I have — or rather, had — nothing against Schenn as a person, but the fact that he did this (to me?) is of course unforgivable. Emerson Etem likewise deserves some blame in my book, but he's American and so I will save some of the vitriol. Sure, no one meant anything. It was an innocuous play. Happens all the time, and it didn't even look that serious until all the blood showed up.
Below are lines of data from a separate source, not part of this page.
Lemma mcoeff_mrestrict p a :
  (mrestrict p)@_a = if msupport a \subset E then p@_a else 0.
Proof.
elim/mpolyind: p => [|c b p _ _ IH]; first by rewrite rmorph0 mcoeff0; case: ifP.
rewrite rmorphD /= {1}/mrestrict mmapZ -/mrestrict mul_mpolyC.
rewrite mrestrictX !mcoeffD !mcoeffZ IH.
case: (boolP (msupport b \subset E)) => hb; case: (boolP (msupport a \subset E)) => ha;
  rewrite ?mcoeffX ?mcoeff0 ?mulr0 ?addr0 ?add0r //.
- by rewrite (_ : (b == a) = false) ?mulr0 //; apply: contraNF ha => /eqP <-.
- by rewrite (_ : (b == a) = false) ?mulr0 ?add0r //; apply: contraNF hb => /eqP ->.
Qed.

End Restriction.

Section Monomials.
Variable m : nat.
Implicit Types a b : 'X_{1..m}.

Lemma lepm_anti a b : (a <= b)%MM -> (b <= a)%MM -> a = b.
Proof.
move=> /mnm_lepP h1 /mnm_lepP h2; apply/mnmP => i.
by apply/eqP; rewrite eqn_leq h1 h2.
Qed.

Lemma lepm_mdeg_lt a b : (a <= b)%MM -> a != b -> (mdeg a < mdeg b)%N.
Proof.
move=> le ne; rewrite -(submK le) mdegD.
have : (b - a)%MM != 0%MM.
  by apply: contra ne => /eqP e; rewrite -(submK le) e add0m.
rewrite -mdeg_eq0; lia.
Qed.

Lemma msupportS a b : (a <= b)%MM -> msupport a \subset msupport b.
Proof. by move=> /mnm_lepP h; apply/subsetP => i; rewrite !inE; have := h i; lia. Qed.

Definition mnm_of_set (E : {set 'I_m}) : 'X_{1..m} := [multinom (i \in E : nat) | i < m].

Lemma mnm_of_set_lepm E a : msupport a = E -> (mnm_of_set E <= a)%MM.
Proof.
move=> <-; apply/mnm_lepP => i; rewrite mnmE inE.
by case: (a i).
Qed.

Lemma msupport_mnm_of_setD E a : msupport (mnm_of_set E + a)%MM = E :|: msupport a.
Proof. by apply/setP => i; rewrite !inE mnmDE mnmE; case: (i \in E). Qed.

End Monomials.

Section Ideals.
Variables (K : fieldType) (m : nat).
Implicit Types (G : {mpoly K[m]} -> Prop) (p : {mpoly K[m]}).

Lemma ideal_gen_mem G g : G g -> ideal_gen G g.
Proof.
move=> Gg; exists [:: (1, g)]; split; first by move=> p; rewrite inE => /eqP ->.
by rewrite big_seq1 mul1r.
Qed.

Lemma msupp_ideal_gen G p a : ideal_gen G p -> a \in msupp p ->
  exists2 g, G g & exists2 e, e \in msupp g & (e <= a)%MM.
Proof.
case=> s [+ ->]; elim: s => [|q s IH] Gs; first by rewrite big_nil msupp0.
rewrite big_cons mcoeff_msupp mcoeffD.
case: (boolP ((q.1 * q.2)@_a == 0)) => [/eqP ->|hq]; rewrite ?add0r.
  by rewrite -mcoeff_msupp; apply: IH => r rs; apply: Gs; rewrite inE rs orbT.
move=> _; exists q.2; first by apply: Gs; rewrite mem_head.
move: hq; rewrite -mcoeff_msupp => /msuppM_le /allpairsP [[e1 e2] /= [_ he2 ->]].
by exists e2 => //; apply: lem_addl.
Qed.

Lemma rmorph_ideal_gen_mul (S : comNzRingType) (f : {rmorphism {mpoly K[m]} -> S})
    G (q : S) p :
  (forall g, G g -> exists h, f g = h * q) -> ideal_gen G p -> exists h, f p = h * q.
Proof.
move=> fG [s [+ ->]]; elim: s => [|r s IH] Gs.
  by exists 0; rewrite big_nil rmorph0 mul0r.
have [h1 e1] := fG _ (Gs r (mem_head _ _)).
have [h2 e2] : exists h2, f (\sum_(r <- s) r.1 * r.2) = h2 * q.
  by apply: IH => r' r's; apply: Gs; rewrite inE r's orbT.
by exists (f r.1 * h1 + h2); rewrite big_cons rmorphD rmorphM e1 e2 mulrDl mulrA.
Qed.

Lemma rmorph_ideal_gen_eq0 (S : comNzRingType) (f : {rmorphism {mpoly K[m]} -> S}) G p :
  (forall g, G g -> f g = 0) -> ideal_gen G p -> f p = 0.
Proof.
move=> fG /(rmorph_ideal_gen_mul (f := f) (q := 0)) [g|h ->]; last by rewrite mulr0.
by move=> /fG ->; exists 0; rewrite mulr0.
Qed.

End Ideals.

Section LatticeBinomials.
Variables (K : fieldType) (m : nat).
Implicit Types u w : 'rV[int]_m.

Lemma pos_partN u : pos_part (- u) = neg_part u.
Proof. by apply/mnmP => i; rewrite !mnmE mxE. Qed.

Lemma pos_part_neq_neg u : u != 0 -> pos_part u != neg_part u.
Proof.
move=> nz; apply: contra nz => /eqP e; apply/eqP/rowP => i.
have := congr1 (fun a : 'X_{1..m} => a i) e; rewrite /= !mnmE !mxE => ei.
by have : u ord0 i = 0 by lia.
Qed.

Lemma neg_part_eq0 u i : pos_part u i != 0%N -> neg_part u i = 0%N.
Proof. rewrite !mnmE; lia. Qed.

Lemma lbinom0 : lbinom K (0 : 'rV[int]_m) = 0.
Proof. by rewrite /lbinom -pos_partN oppr0 subrr. Qed.

Lemma msupp_lbinom u a :
  a \in msupp (lbinom K u) -> a = pos_part u \/ a = neg_part u.
Proof.
rewrite mcoeff_msupp /lbinom mcoeffB !mcoeffX.
case: (eqVneq (pos_part u) a) => [<-|_]; first by left.
case: (eqVneq (neg_part u) a) => [<-|_]; first by right.
by rewrite subrr eqxx.
Qed.

Lemma pos_part_msupp_lbinom u : u != 0 -> pos_part u \in msupp (lbinom K u).
Proof.
move=> nz; rewrite mcoeff_msupp /lbinom mcoeffB !mcoeffX eqxx.
by rewrite [neg_part u == _]eq_sym (negbTE (pos_part_neq_neg nz)) subr0 oner_eq0.
Qed.
Lemma diff_lipschitz_on_mult : 0 <= KF -> 0 <= KG -> 0 <= LF -> 0 <= LG ->
  diff_lipschitz_on M KF F -> diff_lipschitz_on M KG G ->
  diff_lipschitz_on M (KF * BG + BF * KG + LF * LG) (fun x => F x * G x).
Proof.
  intros HKF0 HKG0 HLF0 HLG0 HKF HKG p1 q1 p2 q2 H1 H2 H3 H4.
  set (E := Rabs ((p1 - q1) - (p2 - q2)) + Rabs (p2 - q2) * (Rabs (p1 - p2) + Rabs (q1 - q2))).
  replace (F p1 * G p1 - F q1 * G q1 - (F p2 * G p2 - F q2 * G q2)) with
    (((F p1 - F q1) - (F p2 - F q2)) * G p1 + (F p2 - F q2) * (G p1 - G p2)
     + F q1 * ((G p1 - G q1) - (G p2 - G q2)) + (F q1 - F q2) * (G p2 - G q2)) by ring.
  assert (HE : Rabs (p2 - q2) * Rabs (p1 - p2) + Rabs (q1 - q2) * Rabs (p2 - q2) <= E).
  { unfold E. assert (0 <= Rabs ((p1 - q1) - (p2 - q2))) by apply Rabs_pos. nra. }
  assert (A1 : Rabs (((F p1 - F q1) - (F p2 - F q2)) * G p1) <= KF * E * BG).
  { rewrite Rabs_mult. apply Rmult_le_compat; auto using Rabs_pos. }
  assert (A2 : Rabs ((F p2 - F q2) * (G p1 - G p2))
               <= LF * Rabs (p2 - q2) * (LG * Rabs (p1 - p2))).
  { rewrite Rabs_mult. apply Rmult_le_compat; auto using Rabs_pos. }
  assert (A3 : Rabs (F q1 * ((G p1 - G q1) - (G p2 - G q2))) <= BF * (KG * E)).
  { rewrite Rabs_mult. apply Rmult_le_compat; auto using Rabs_pos. }
  assert (A4 : Rabs ((F q1 - F q2) * (G p2 - G q2))
               <= LF * Rabs (q1 - q2) * (LG * Rabs (p2 - q2))).
  { rewrite Rabs_mult. apply Rmult_le_compat; auto using Rabs_pos. }
  assert (0 <= LF * LG) by nra.
  assert (LF * LG * (Rabs (p2 - q2) * Rabs (p1 - p2) + Rabs (q1 - q2) * Rabs (p2 - q2))
          <= LF * LG * E) by (apply Rmult_le_compat_l; auto).
  eapply Rle_trans; [apply Rabs_triang|].
  eapply Rle_trans; [apply Rplus_le_compat_r, Rabs_triang|].
  eapply Rle_trans; [apply Rplus_le_compat_r, Rplus_le_compat_r, Rabs_triang|].
  lra.
Qed.

End ProductRule.

Lemma diff_lipschitz_on_add_scal (M KF KG c : R) (F G : R -> R) :
  diff_lipschitz_on M KF F -> diff_lipschitz_on M KG G ->
  diff_lipschitz_on M (KF + Rabs c * KG) (fun x => F x + c * G x).
Proof.
  intros HF HG p1 q1 p2 q2 H1 H2 H3 H4.
  replace (F p1 + c * G p1 - (F q1 + c * G q1) - (F p2 + c * G p2 - (F q2 + c * G q2)))
    with ((F p1 - F q1 - (F p2 - F q2)) + c * (G p1 - G q1 - (G p2 - G q2))) by ring.
  eapply Rle_trans; [apply Rabs_triang|]. rewrite Rabs_mult.
  assert (A1 := HF p1 q1 p2 q2 H1 H2 H3 H4). assert (A2 := HG p1 q1 p2 q2 H1 H2 H3 H4).
  assert (Rabs c * Rabs (G p1 - G q1 - (G p2 - G q2)) <= Rabs c * (KG *
    (Rabs (p1 - q1 - (p2 - q2)) + Rabs (p2 - q2) * (Rabs (p1 - p2) + Rabs (q1 - q2)))))
    by (apply Rmult_le_compat_l; auto using Rabs_pos).
  lra.
Qed.

Lemma pow_abs_le (M y : R) (i : nat) : Rabs y <= M -> Rabs (y ^ i) <= M ^ i.
Proof. intros H. rewrite <- RPow_abs. apply pow_incr. split; auto using Rabs_pos. Qed.

Lemma pow_lipschitz_diff_lipschitz (M : R) (i : nat) : 0 <= M ->
  exists L K, 0 <= L /\ 0 <= K /\
    lipschitz_on M L (fun x => x ^ i) /\ diff_lipschitz_on M K (fun x => x ^ i).
Proof.
  intros HM. induction i as [|i [L [K [HL [HK [HLip HDiff]]]]]].
  - exists 0, 0. repeat split; try lra.
    + intros x y _ _. simpl. rewrite Rminus_diag, Rabs_R0. lra.
    + intros p1 q1 p2 q2 _ _ _ _. simpl. replace (1 - 1 - (1 - 1)) with 0 by ring.
      rewrite Rabs_R0, Rmult_0_l. lra.
  - assert (HMi : 0 <= M ^ i) by (apply pow_le; auto).
    assert (Hid_bound : forall x, Rabs x <= M -> Rabs x <= M) by auto.
    assert (Hpow_bound : forall x, Rabs x <= M -> Rabs (x ^ i) <= M ^ i)
      by (intros; apply pow_abs_le; auto).
    assert (Hid_lip : lipschitz_on M 1 (fun x => x)) by (intros x y _ _; lra).
    assert (Hid_diff : diff_lipschitz_on M 1 (fun x => x)).
    { intros p1 q1 p2 q2 _ _ _ _.
      pose proof (Rabs_pos (p2 - q2)). pose proof (Rabs_pos (p1 - p2)).
      pose proof (Rabs_pos (q1 - q2)). nra. }
    exists (1 * M ^ i + M * L), (1 * M ^ i + M * K + 1 * L). repeat split.
    + nra.
    + nra.
    + apply (lipschitz_on_mult M M (M ^ i) 1 L (fun x => x) (fun x => x ^ i)); auto; lra.
    + apply (diff_lipschitz_on_mult M M (M ^ i) 1 L 1 K (fun x => x) (fun x => x ^ i)); auto; lra.
Qed.

Lemma diff_lipschitz_on_polyR (a : nat -> R) (n : nat) (M : R) : 0 <= M ->
  exists K, 0 <= K /\ diff_lipschitz_on M K (polyR a n).
Proof.
  intros HM. induction n as [|n [K [HK HP]]].
  - exists 0. split; [lra|]. intros p1 q1 p2 q2 _ _ _ _. unfold polyR; simpl.
    replace (a 0%nat * 1 - a 0%nat * 1 - (a 0%nat * 1 - a 0%nat * 1)) with 0 by ring.
    rewrite Rabs_R0, Rmult_0_l. lra.
  - destruct (pow_lipschitz_diff_lipschitz M (S n) HM) as [_ [K' [_ [HK' [_ HP']]]]].
    exists (K + Rabs (a (S n)) * K'). split.
    + assert (0 <= Rabs (a (S n))) by apply Rabs_pos. nra.
    + exact (diff_lipschitz_on_add_scal M K K' (a (S n)) (polyR a n) (fun x => x ^ S n) HP HP').
Qed.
That doesn't un-spill the milk, or more accurately, put the teeth back in Selanne's mouth, though. Sixteen years and a day after I saw him play live for the first time, I will instead have to watch his team play without him. So too will everyone for the next two weeks. Hockey's tough and injuries happen. Obviously. I'm taking it oddly hard. I'm writing this before I meet my dad — the man who once almost physically dragged me to my first NCAA game (this was when Dwayne Roloson was still in college) because I wanted to stay home on a Friday night to watch TGIF — for a pregame meal and the game itself and I'm sure I'm going to have a great time.
Our ostensible reason for going was taken from us by Luke Schenn, who I now despise and will until both of our dying days, and then for at least a few more years after that. Going to this game feels kind of hollow. And I definitely don't feel comfortable giving Jeremy Jacobs that money now.
But then, this is Teemu Selanne we're talking about and you never know. The guy's had more final tours than the Rolling Stones. Would you really be that surprised to see a Puck Daddy post in July with another video that he's back for The Final Final Final Season? I hope that's what happens. Really wanna get out to that game with my dad.